= Povel Hansson Paus =

Norwegian priest

Sir Povel Hansson Paus (1620 – 1658) (Note: As a member of the clergy, one of the two privileged estates, he was styled as herr in Norwegian or Dominus in Latin, conventionally rendered as Sir as an ecclesiastical title in English; the Norwegian style herr was (until the 19th century) reserved for members of the clergy and the nobility; its predecessor sira (sir) had been introduced as the style for clergymen in Norway in the 13th century and gradually been replaced by the Norwegianized version herr from the 15th century.) was a Norwegian priest.

==Biography==

He was born in Oslo in 1620 as the son of the priest Hans Povelsson Paus the Elder (1587–1648). He attended Latin school in Frederiksborg, Denmark.

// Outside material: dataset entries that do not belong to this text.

(* Let $X$ be a homogeneous chain that is not simple. The following are equivalent: (1) the topological group $(\mathrm{Aut}(X),\tau_p)$ (respectively $(\mathrm{Aut}(X),\tau_\partial)$) is Roelcke precompact; (2) for every proper regular interval $J$ of $X$ the topological groups $(\mathrm{Aut}(J),\tau_p)$ (respectively $(\mathrm{Aut}(J),\tau_\partial)$) and $(\mathrm{Aut}(X/J),\tau_\partial)$ are Roelcke precompact; (3) there exists a proper regular interval $J$ of $X$ such that the topological groups $(\mathrm{Aut}(J),\tau_p)$ (respectively $(\mathrm{Aut}(J),\tau_\partial)$) and $(\mathrm{Aut}(X/J),\tau_\partial)$ are Roelcke precompact.
   Context: Chain: linearly ordered set; $\mathrm{Aut}(Y)$: group of order-preserving bijections; $X$ homogeneous: $\mathrm{Aut}(X)$ acts transitively. An interval is a convex subset; $J$ is regular if for all $x,y\in J$, $g\in\mathrm{Aut}(X)$, $g(x)\in J\Rightarrow g(y)\in J$; proper if neither a singleton nor $X$. A homogeneous chain is simple if it has no proper regular interval. For a proper regular interval $J$, $X/J$ is the chain of equivalence classes of the relation $x\sim_J y\iff\forall g\in\mathrm{Aut}(X)\,(g(x)\in J\Rightarrow g(y)\in J)$ (these classes are the images of $J$ under automorphisms), with the induced order. $\tau_p$: pointwise convergence topology w.r.t. the order topology; $\tau_\partial$: permutation topology (identity neighbourhood base: pointwise stabilizers of finite sets). Roelcke precompact: the Roelcke uniformity (greatest lower bound of left and right uniformities) is totally bounded. *)

From Stdlib Require Import List.
Import ListNotations.
Set Implicit Arguments.

Definition is_chain {T : Type} (lt : T -> T -> Prop) : Prop :=
  (forall x, ~ lt x x) /\
  (forall x y z, lt x y -> lt y z -> lt x z) /\
  (forall x y, lt x y \/ x = y \/ lt y x).

Definition is_aut {T : Type} (lt : T -> T -> Prop) (f : T -> T) : Prop :=
  (forall x y, lt x y -> lt (f x) (f y)) /\
  (exists g : T -> T, (forall x, g (f x) = x) /\ (forall y, f (g y) = y)).

Definition homogeneous {T : Type} (lt : T -> T -> Prop) : Prop :=
  forall x y, exists f, is_aut lt f /\ f x = y.

Definition is_interval {T : Type} (lt : T -> T -> Prop) (J : T -> Prop) : Prop :=
  (exists x, J x) /\
  (forall x y z, J x -> J z -> lt x y -> lt y z -> J y).

Definition regular_interval {T : Type} (lt : T -> T -> Prop) (J : T -> Prop) : Prop :=
  is_interval lt J /\
  (forall x y g, J x -> J y -> is_aut lt g -> J (g x) -> J (g y)).

Definition proper_set {T : Type} (J : T -> Prop) : Prop :=
  ~ (exists x, forall y, J y <-> y = x) /\ ~ (forall y, J y).

Definition proper_regular_interval {T : Type} (lt : T -> T -> Prop) (J : T -> Prop) : Prop :=
  regular_interval lt J /\ proper_set J.

Definition is_simple {T : Type} (lt : T -> T -> Prop) : Prop :=
  homogeneous lt /\ ~ (exists J, proper_regular_interval lt J).

Definition sub_lt {T : Type} (lt : T -> T -> Prop) (J : T -> Prop)
  (a b : {x : T | J x}) : Prop := lt (proj1_sig a) (proj1_sig b).

(* The chain X/J: equivalence classes of ~_J with the induced order. *)
Definition simJ {T : Type} (lt : T -> T -> Prop) (J : T -> Prop) (x y : T) : Prop :=
  forall g, is_aut lt g -> J (g x) -> J (g y).

Definition quotJ {T : Type} (lt : T -> T -> Prop) (J : T -> Prop) : Type :=
  {S : T -> Prop | exists x, forall y, S y <-> simJ lt J x y}.

Definition quot_lt {T : Type} (lt : T -> T -> Prop) (J : T -> Prop)
  (S S' : quotJ lt J) : Prop :=
  exists x y, proj1_sig S x /\ proj1_sig S' y /\ lt x y.

(* Order topology: open sets are unions of open intervals/rays (a,b),
   with a, b possibly absent (= unbounded). *)
Definition in_oint {T : Type} (lt : T -> T -> Prop) (a b : option T) (y : T) : Prop :=
  match a with Some a => lt a y | None => True end /\
  match b with Some b => lt y b | None => True end.

Definition order_open {T : Type} (lt : T -> T -> Prop) (O : T -> Prop) : Prop :=
  forall y, O y -> exists a b, in_oint lt a b y /\ (forall z, in_oint lt a b z -> O z).

(* Identity neighbourhoods (subsets U of T -> T, intersected with Aut). *)
Definition nbhd1_partial {T : Type} (lt : T -> T -> Prop) (U : (T -> T) -> Prop) : Prop :=
  exists A : list T,
    forall g, is_aut lt g -> (forall x, In x A -> g x = x) -> U g.

(* tau_p: pointwise convergence w.r.t. the order topology. *)
Definition nbhd1_pointwise {T : Type} (lt : T -> T -> Prop) (U : (T -> T) -> Prop) : Prop :=
  exists P : list (T * (T -> Prop)),
    (forall p, In p P -> order_open lt (snd p) /\ snd p (fst p)) /\
    (forall g, is_aut lt g -> (forall p, In p P -> snd p (g (fst p))) -> U g).

Inductive topo := Tp | Tpartial.

Definition nbhd1 (t : topo) {T : Type} (lt : T -> T -> Prop) : ((T -> T) -> Prop) -> Prop :=
  match t with Tp => nbhd1_pointwise lt | Tpartial => nbhd1_partial lt end.

(* Roelcke precompactness: the Roelcke uniformity (meet of left and right
   uniformities, basic entourages {(f,g) | g in U f U}) is totally bounded:
   for each identity neighbourhood U there is a finite F with Aut = U F U. *)
Definition roelcke_precompact (t : topo) {T : Type} (lt : T -> T -> Prop) : Prop :=
  forall U, nbhd1 t lt U ->
    exists F : list (T -> T),
      (forall f, In f F -> is_aut lt f) /\
      (forall g, is_aut lt g ->
         exists f u1 u2, In f F /\ U u1 /\ U u2 /\ is_aut lt u1 /\ is_aut lt u2 /\
           (forall x, g x = u1 (f (u2 x)))).

(* The classes of ~_J are the
   images of J under automorphisms; choosing for each class c an automorphism chart c
   sending j0 into c identifies X with the lexicographic product of X/J and J, and every
   automorphism g of X becomes the map (c, j) |-> (g^ c, g_c j) for the induced
   automorphism g^ of X/J and fibre automorphisms g_c of J.
   Restricting the automorphisms that stabilise J, and extending automorphisms of J by
   the identity, transfers Roelcke precompactness from Aut(X) to Aut(J); the projection
   g |-> g^ transfers it to (Aut(X/J), tau_partial), since a basic neighbourhood of X
   maps into the stabiliser of finitely many classes.  Conversely, a basic neighbourhood
   of X only sees finitely many classes C, so Roelcke factorisations of g^ and of the
   fibre maps g_c for c in C assemble into a Roelcke factorisation of g. *)

From Stdlib Require Import List ClassicalEpsilon ProofIrrelevance PropExtensionality
  FunctionalExtensionality Classical.
Import ListNotations.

He then went abroad for university studies together with his brother Anders Hansson Paus. From November 1642 the brothers studied philosophy and theology at the University of Franeker. From Anders Hansson Paus, there is an academic oration printed in Greek at the University of Franeker in 1644, where he lists some of the country's most prominent men—chancellor Jens Bjelke, Bjelke's son-in-law Daniel Ottesen Bildt of Hafslund, Admiral Sten Willumsen Rosenvinge of Tose, and Bishop Oluf Boesen—as patrons of his father who funded his education, and S. H. Finne-Grønn writes that the same patrons certainly also paid for Povel's studies. In May 1649 Povel earned the Magister's degree at the University of Copenhagen. (Note: The Magister's degree was the highest degree at the Faculty of Philosophy. Only a small minority of priests possessed this degree; many of them rose to prominent positions such as bishop or provost.)

He then served as tutor at Oslo Cathedral School before becoming the school's conrector.

In 1653 he received a royal decree that promised him a position as parish priest of a parish to which the Crown held right of patronage. In September 1655 he became parish priest of Lier, Bragernes and Strømsø (i.e. Drammen and surroundings). He celebrated his first mass in Bragernes Church on 21 October 1655.

Povel Hansson Paus participated in the homage to Prince Christian in 1656 and in the meeting of the estates of the realm—the closest thing the kingdom had to a parliament—in 1657 as a representative of the clergy in the Diocese of Oslo. He died aged only 38 in February 1658. He was interred inside Bragernes Church, an honor reserved for notables. He married Magdalene Eriksdatter in Christiania in 1652.